Section 2: Classes of Membership
Classes of membership in the Region shall be as defined in the Bylaws of the National Club.
Section 3: Membership Application
Applications for membership shall be made through the National Club.
Section 4: Dues
National dues shall be determined and collected as set forth by the National Club. The Region shall not collect additional dues.
Section 5: Privileges
Members in good standing shall be entitled to all the privileges of the Region, except that those classes of members ineligible to participate in a National vote or hold elective National office shall likewise be entitled neither to participate in a Regional vote nor hold elective Regional office. Furthermore, those classes of members not entitled to receive National mailings shall likewise not be entitled to receive Regional mailings. Ballots will be delivered by mail (or, if electronic means shall have been approved in accordance with these Bylaws, then by mail, electronic means or any combination thereof), to active members only, with spaces for the votes of eligible related members. Only those member classes eligible to be nominated for elective National office shall be eligible to be nominated for elective Regional office. A member may cast only one vote in any election or referendum.
Section 6: Suspension
Any member may be suspended by a two-thirds vote of the Executive Council for infractions of National or Regional rules or regulations or for actions inimical to the general objectives or best interests of the National Club or the Region. The suspended member shall be afforded reasonable opportunity to be heard as set forth in the Bylaws of the National Club
Article V: Officers and Board of Directors
Section 1: Officers
The officers of the Region shall be a President, Vice President of Activities, Vice President of Communications, Secretary and Treasurer. Their terms of office shall be one year, and shall end on December 31. Except for the Secretary and Treasurer, no officer shall serve in the same office more than two consecutive terms.

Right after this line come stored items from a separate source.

(* Let $Q$ be a graph consisting of a single vertex $v$ and a single loop edge, and let $X$ be a locally standard $T^m$-pseudomanifold over $Q$ (i.e. with $l=0$, $n=1$ and orbit space $Q$, the vertex being the $0$-stratum and the open loop the $1$-stratum), with orbit projection $\pi:X\to Q$. Then there exists a continuous section $s:Q\to X$ of $\pi$, i.e. $\pi\circ s=\mathrm{id}_Q$.
   Context: Notation: $U(1)=\{z\in\mathbb C:|z|=1\}$, $T^m=U(1)^m$, $\mathbb C^\times=\mathbb C\setminus\{0\}$, open cone $\mathring c(L)=L\times[0,1)/(L\times\{0\})$ ($\mathring c(\emptyset)$ a point). A topological stratified pseudomanifold is a Hausdorff space $Q$ with closed filtration $Q=Q_{l+n}\supsetneq\cdots\supsetneq Q_l\supsetneq\emptyset$ whose strata (components of $Q_i\setminus Q_{i-1}$) are $i$-manifolds, with $\mathring Q=Q_{l+n}\setminus Q_{l+n-1}$ dense, and each point $p$ of an $(l+i)$-stratum having a filtration-preserving neighborhood $O\times\mathring c(L_p)$, $O\subset\mathbb R^{l+i}$ contractible open, $L_p$ a compact $(n-i-1)$-dimensional topological stratified pseudomanifold (the link). Locally standard $T^m$-pseudomanifold $X$ (dimension $l+m+n$, $l\ge0$, $m\ge n\ge0$): a second-countable compact Hausdorff space with effective continuous $T^m$-action with subtorus isotropy groups, filtered by $X_{l+2i+(m-n)}=X_{l+2i+1+(m-n)}=\{x:\dim T^mx\le i+m-n\}$ ($0\le i\le n$), which is a topological stratified pseudomanifold with no orbits of dimension $<m-n$ and with free orbits if $l+n\ne0$, and inductively: if $l+n=0$, $X$ is a finite disjoint union of copies of $T^m$; otherwise each $x\in X_{l+2i+(m-n)}\setminus X_{l+2(i-1)+(m-n)}$ has an invariant open neighborhood weakly equivariantly homeomorphic to $O\times(\Omega\times U(1)^{m-n})\times\mathring c(L_x)$ with $O\subset\mathbb R^l$ contractible open, $\Omega\subset(\mathbb C^\times)^i$ invariant open, $L_x$ a compact $(2n-2i-1)$-dimensional locally standard $T_x$-pseudomanifold ($T_x\cong T^{n-i}$ the isotropy group), $T^m\cong U(1)^{i+m-n}\times T_x$ acting freely on the middle factor and via $L_x$ on the cone. The orbit space $Q=X/T^m$ with filtration $Q_{l+i}=X_{l+2i+(m-n)}/T^m$ is a topological stratified pseudomanifold of dimension $l+n$. When $l=0,n=1$, $Q$ is a finite graph (vertices $=$ $0$-strata, open edges $=$ $1$-strata), and $X$ is called a locally standard $T^m$-pseudomanifold over a graph; isotropy is a $1$-dimensional subtorus over vertices and trivial over open edges. *)

From HB Require Import structures.
From mathcomp Require Import all_boot all_order all_algebra.
From mathcomp Require Import all_classical all_reals.
From mathcomp Require Import topology.
From mathcomp Require Import Rstruct Rstruct_topology.
Set Implicit Arguments. Unset Strict Implicit. Unset Printing Implicit Defensive.
Import Order.TTheory GRing.Theory Num.Theory.
Local Open Scope classical_set_scope.
Local Open Scope ring_scope.

(** Complex numbers, modelled as pairs of (Stdlib) reals with the product
    topology (= the usual topology of C = R^2). *)
Definition C : topologicalType := (Rdefinitions.R * Rdefinitions.R)%type.
Definition cmul (a b : C) : C := (a.1 * b.1 - a.2 * b.2, a.1 * b.2 + a.2 * b.1).
Definition cone : C := (1, 0).
Definition czero : C := (0, 0).
Definition cnorm2 (z : C) : Rdefinitions.R := z.1 ^+ 2 + z.2 ^+ 2.
Definition U1 : set C := [set z | cnorm2 z = 1].

(** T^m = U(1)^m, realised as the set of row vectors in C^m with all
    coordinates in U(1); group law is coordinatewise multiplication. *)
Definition torus (m : nat) : set 'rV[C]_m := [set t | forall i, U1 (t ord0 i)].
Arguments torus m : clear implicits.
Definition tmul (m : nat) (s t : 'rV[C]_m) : 'rV[C]_m :=
  \row_i cmul (s ord0 i) (t ord0 i).
Definition tone (m : nat) : 'rV[C]_m := \row_i cone.

Arguments tone m : clear implicits.

Definition homeo_on (X Y : topologicalType) (A : set X) (B : set Y) (f : X -> Y) :=
  {within A, continuous f} /\
  exists g : Y -> X, {within B, continuous g} /\
    (forall a, A a -> B (f a) /\ g (f a) = a) /\
    (forall b, B b -> A (g b) /\ f (g b) = b).

Definition torus_aut (m : nat) (rho : 'rV[C]_m -> 'rV[C]_m) :=
  homeo_on (torus m) (torus m) rho /\
  forall s t, torus m s -> torus m t -> rho (tmul s t) = tmul (rho s) (rho t).

Definition torus_action (m : nat) (X : topologicalType) (act : 'rV[C]_m -> X -> X) :=
  (forall x, act (tone m) x = x) /\
  (forall s t x, torus m s -> torus m t -> act (tmul s t) x = act s (act t x)) /\
  {within torus m `*` [set: X], continuous (fun p => act p.1 p.2)}.

Definition effective_action (m : nat) (X : Type) (act : 'rV[C]_m -> X -> X) :=
  forall t, torus m t -> (forall x, act t x = x) -> t = tone m.

Definition stab (m : nat) (X : Type) (act : 'rV[C]_m -> X -> X) (x : X) : set 'rV[C]_m :=
  [set t | torus m t /\ act t x = x].

Definition tinv (m : nat) (t : 'rV[C]_m) : 'rV[C]_m := \row_i ((t ord0 i).1, - (t ord0 i).2).
Definition subtorus (m : nat) (S : set 'rV[C]_m) :=
  S `<=` torus m /\ S (tone m) /\
  (forall s t, S s -> S t -> S (tmul s t)) /\ (forall t, S t -> S (tinv t)) /\
  closed S /\ connected S.

Definition free_pt (m : nat) (X : Type) (act : 'rV[C]_m -> X -> X) (x : X) :=
  forall t, torus m t -> act t x = x -> t = tone m.

Definition invariant (m : nat) (X : Type) (act : 'rV[C]_m -> X -> X) (U : set X) :=
  forall t y, torus m t -> U y -> U (act t y).

(** Local model at a free point (i = 1):  Ω × U(1)^(m-1) with Ω ⊆ C^× open
    and U(1)-invariant.  The factor Ω is put at coordinate j of C^m. *)
Definition free_model (m : nat) (j : 'I_m) (Om : set C) : set 'rV[C]_m :=
  [set u | Om (u ord0 j) /\ forall i, i != j -> U1 (u ord0 i)].
(* Let $\mathbb{F}$ be a field with $|\mathbb{F}| \ge n^2$. For every sufficiently large $n$, there exists a non-zero polynomial $Q \in \mathbb{F}[x_{1,1}, \ldots, x_{n,n}]$ of degree at most $n^3$ such that $Q(A)=0$ for every matrix $A\in\mathbb{F}^{n\times n}$ whose linear transformation is computed by a linear circuit of size at most $n^2/200$ (with no restriction on depth).
   Context: A linear circuit over $\mathbb{F}$ is a directed acyclic graph with $n$ input nodes labeled $X_1,\ldots,X_n$ and $n$ designated output nodes, each edge labeled by a scalar in $\mathbb{F}$. Each node computes a linear form in $X_1,\dots,X_n$: an input node computes its variable, and a node $u$ with children $v_1,\dots,v_k$ joined to it by edges labeled $\alpha_1,\dots,\alpha_k$ computes $\sum_i \alpha_i \ell_{v_i}$, where $\ell_{v_i}$ is the form computed by $v_i$. The size is the number of edges. The circuit computes the matrix $A$ whose $(i,j)$ entry is the coefficient of $X_i$ in the linear form computed at the $j$-th output node. $Q(A)$ denotes evaluation at $x_{i,j}=A_{i,j}$. *)

From HB Require Import structures.
From mathcomp Require Import all_boot all_order all_algebra.
From mathcomp Require Import mpoly.
Set Implicit Arguments. Unset Strict Implicit. Unset Printing Implicit Defensive.
Import GRing.Theory.
Local Open Scope ring_scope.
Theorem hahn_banach (Y : set X) (f : X -> R) :
  is_subspace Y -> linear_on Y f -> (forall y, Y y -> f y <= p y) ->
  exists g : X -> R,
    [/\ linear_on setT g, forall x, g x <= p x & forall y, Y y -> g y = f y].
Proof.
move=> [Y0 YD] lf f_le.
pose Gf : set (X * R) := [set u | Y u.1 /\ u.2 = f u.1].
(* Admitting the empty graph makes the union of the empty chain admissible. *)
pose P G := [/\ linear_graph G, dominated_graph G & G = set0 \/ Gf `<=` G].
have PGf : P Gf.
  split; last by right.
  - move=> a [x r] [x' r'] [/= Yx ->] [/= Yx' ->]; split => /=; [exact: YD | by rewrite lf].
  - by move=> [x r] [/= Yx ->]; exact: f_le.
have [G [[linG domG GfG] Gmax]] : exists G, P G /\ forall G', G `<` G' -> ~ P G'.
  apply: Zorn_bigcup => F FP Ftot; split.
  - by apply: linear_graph_bigcup => // G /FP [].
  - by move=> u [G /FP [_ domG _]]; exact: domG.
  - have [[G FG GfG]|noG] := pselect (exists2 G, F G & Gf `<=` G).
      by right => u /GfG Gu; exists G.
    left; apply/seteqP; split => // u [G FG Gu].
    have [_ _ [G0|GfG]] := FP _ FG; first by rewrite G0 in Gu.
    by exfalso; apply: noG; exists G.
have {}GfG : Gf `<=` G.
  case: GfG => // G0; exfalso; apply: (Gmax Gf) => //; rewrite G0; split => //.
  by move=> /(_ (0, f 0)) /(_ (conj Y0 erefl)).
have G00 : G (0, 0) by rewrite -(linear_on0 Y0 lf); apply: GfG.
have Gtot := maximal_dominated_graph_total linG domG G00 (fun G' GG' linG' domG' =>
  Gmax G' GG' (And3 linG' domG' (or_intror (subset_trans GfG (properW GG'))))).
pose g x := xget 0 [set r | G (x, r)].
have Gg x : G (x, g x) by exact: (xgetPex 0 (Gtot x)).
exists g; split.
- move=> a x y _ _; apply: (dominated_graph_functional linG domG (Gg _)).
  exact: linG (Gg x) (Gg y).
- by move=> x; exact: domG (Gg x).
- by move=> y Yy; apply: (dominated_graph_functional linG domG (Gg y)); apply: GfG.
Qed.

End HahnBanach.

Section OperatorNorm.
Variables (R : realType) (X : normedModType R).
Implicit Types (W : set X) (f : X -> R).
Local Notation nrm := (fun x : X => `|x|).

Lemma opnorm_ub W f y :
  bounded_on nrm W f -> W y -> `|y| <= 1 -> `|f y| <= opnorm nrm W f.
Proof.
move=> [C bC] Wy y1; apply: ub_le_sup; last by exists y.
exists `|C| => _ [x [Wx x1] <-]; have := bC x Wx.
by have := ler_norm C; have := normr_ge0 x; have := normr_ge0 C; nra.
Qed.

Lemma opnorm_le W f M :
  W 0 -> (forall y, W y -> `|y| <= 1 -> `|f y| <= M) -> opnorm nrm W f <= M.
Proof.
move=> W0 f_le; apply: ge_sup; first by exists `|f 0|; exists 0 => //; split; rewrite ?normr0.
by move=> _ [y [Wy y1] <-]; exact: f_le.
Qed.

Lemma opnorm_ge0 W f : bounded_on nrm W f -> W 0 -> 0 <= opnorm nrm W f.
Proof. by move=> bf W0; apply: le_trans (opnorm_ub bf W0 _); rewrite ?normr0. Qed.

Lemma opnorm_mul_ub W f y : is_subspace W -> linear_on W f -> bounded_on nrm W f ->
  W y -> `|f y| <= opnorm nrm W f * `|y|.
Proof.
move=> sW lf bf Wy; have [->|y0] := eqVneq y 0.
  by rewrite (linear_on0 sW.1 lf) !normr0 mulr0.
have ny : 0 < `|y| by rewrite normr_gt0.
have := opnorm_ub bf (subspaceZ `|y|^-1 sW Wy).
rewrite normrZ normfV normr_id mulVf ?gt_eqF // lexx (linear_onZ _ sW.1 lf Wy).
by rewrite normrM normfV normr_id ler_pdivrMl // mulrC => ->.
Qed.

Lemma np_extension_exists Y f :
  is_subspace Y -> dual_on nrm Y f -> exists g, np_extension nrm Y f g.
Proof.
move=> sY [lf bf]; set M := opnorm nrm Y f.
have M0 : 0 <= M := opnorm_ge0 bf sY.1.
have [|||g [lg g_le gf]] := @hahn_banach _ _ (fun x => M * `|x|) _ _ Y f sY lf.
- by move=> x y; rewrite -mulrDr ler_wpM2l // ler_normD.
- by move=> t x t0; rewrite normrZ gtr0_norm // mulrCA.
- by move=> y Yy; apply: le_trans (ler_norm _) (opnorm_mul_ub sY lf bf Yy).
have g_bd x : `|g x| <= M * `|x|.
  rewrite ler_norml g_le andbT; have := g_le (- x).
  by rewrite normrN -scaleN1r (linear_onZ _ I lg I) mulN1r; lra.
have bg : bounded_on nrm setT g by exists M => x _; exact: g_bd.
exists g; split; [by [] | split => //].
apply/le_anti/andP; split.
- apply: opnorm_le => // x _ x1; apply: le_trans (g_bd x) _.
  by rewrite -[leRHS]mulr1 ler_wpM2l.
- by apply: opnorm_le => [|y Yy y1]; [exact: sY.1 | rewrite -gf //; exact: opnorm_ub].
Qed.

End OperatorNorm.

Section Quotient.
Variables (R : realType) (X : normedModType R) (Z : set X).
Hypotheses (Z0 : Z 0) (Zprox : proximinal Z).
Implicit Types (W Y : set X) (f g h : X -> R).
Local Notation nrm := (fun x : X => `|x|).
Local Notation distZ := (fun x : X => dist_to x Z).

Lemma dist_to_le x z : Z z -> dist_to x Z <= `|x - z|.
Proof. by move=> Zz; apply: ge_inf; [exists 0 => _ [? _ <-] | exists z]. Qed.

Lemma dist_to_ge0 x : 0 <= dist_to x Z.
Proof. by apply: lb_le_inf; [exists `|x - 0|, 0 | move=> _ [z _ <-]]. Qed.

Lemma dist_to_mem z : Z z -> dist_to z Z = 0.
Proof.
move=> Zz; apply/le_anti; rewrite dist_to_ge0 andbT.
by have := dist_to_le z Zz; rewrite subrr normr0.
Qed.

Lemma bounded_on_dist_to_vanish W h :
  Z `<=` W -> bounded_on distZ W h -> forall z, Z z -> h z = 0.
Proof.
move=> ZW [C bC] z Zz; have := bC z (ZW _ Zz).
by rewrite /= dist_to_mem // mulr0 normr_le0 => /eqP.
Qed.

Lemma bounded_on_dist_to_norm W h : bounded_on distZ W h -> bounded_on nrm W h.
Proof.
move=> [C bC]; exists `|C| => y Wy; have := bC y Wy.
have := dist_to_le y Z0; rewrite subr0 => d_le; have := dist_to_ge0 y.
by have := ler_norm C; have := normr_ge0 C; nra.
Qed.

Section Vanishing.
Variables (W : set X) (h : X -> R).
Hypotheses (sW : is_subspace W) (ZW : Z `<=` W) (lh : linear_on W h).
Hypothesis hZ : forall z, Z z -> h z = 0.

Lemma best_approx_shift y : W y -> exists y', [/\ W y', `|y'| = dist_to y Z & h y' = h y].
Proof.
move=> Wy; have [z [Zz yz]] := Zprox y; exists (y - z); split => //.
  exact: subspaceB (ZW Zz).
by rewrite (linear_onB lh Wy (ZW Zz)) (hZ Zz) subr0.
Qed.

Section 2: Executive Council
The President, the two Vice Presidents, the Secretary, the Treasurer and the last Past President continuing to be an active member of the Region shall constitute the Executive Council in which the government of the Region shall be vested. It shall be responsible for the proper conduct of the administrative affairs of the Region, the proper functioning of its committees, and to ensure compliance with these Bylaws. All decisions of the Executive Council shall be by a majority vote of a quorum unless otherwise provided in these Bylaws. All decisions of the Executive Council involving major policy considerations shall be arrived at by mail, telephonic or electronic canvass of the entire Council. All decisions of the Executive Council at any called meeting of the Council shall be by a majority of the votes cast by those members present. All decisions of the Executive Council outside of a called meeting shall be by majority vote of the Council members voting. In the event of any Executive Council vote resulting in a tie, the vote of the current club President will act as the tie breaker.
Section 3: Board of Directors
The Executive Council together with the chairs the standing committees shall constitute the Board of Directors of the Region. It shall be the responsibility of the Board of Directors to determine all matters of Region policy. The Board of Directors shall ensure the proper conduct of the administrative affairs of the Region by the Executive Council, the fulfillment of duties by the officers, and compliance with these Bylaws.
Section 4: Meetings
The Board of Directors shall meet regularly, with a frequency determined by the President with approval of the Executive Council, but not fewer than six times per year. Prior notice of all Board of Directors meetings must be published in the Region’s regular publications, with reasonable advance notice. Times and dates must be published, and location must be provided to any member upon request. Any member may attend and observe any Board of Directors meeting. Any three members of the Executive Council shall constitute a quorum.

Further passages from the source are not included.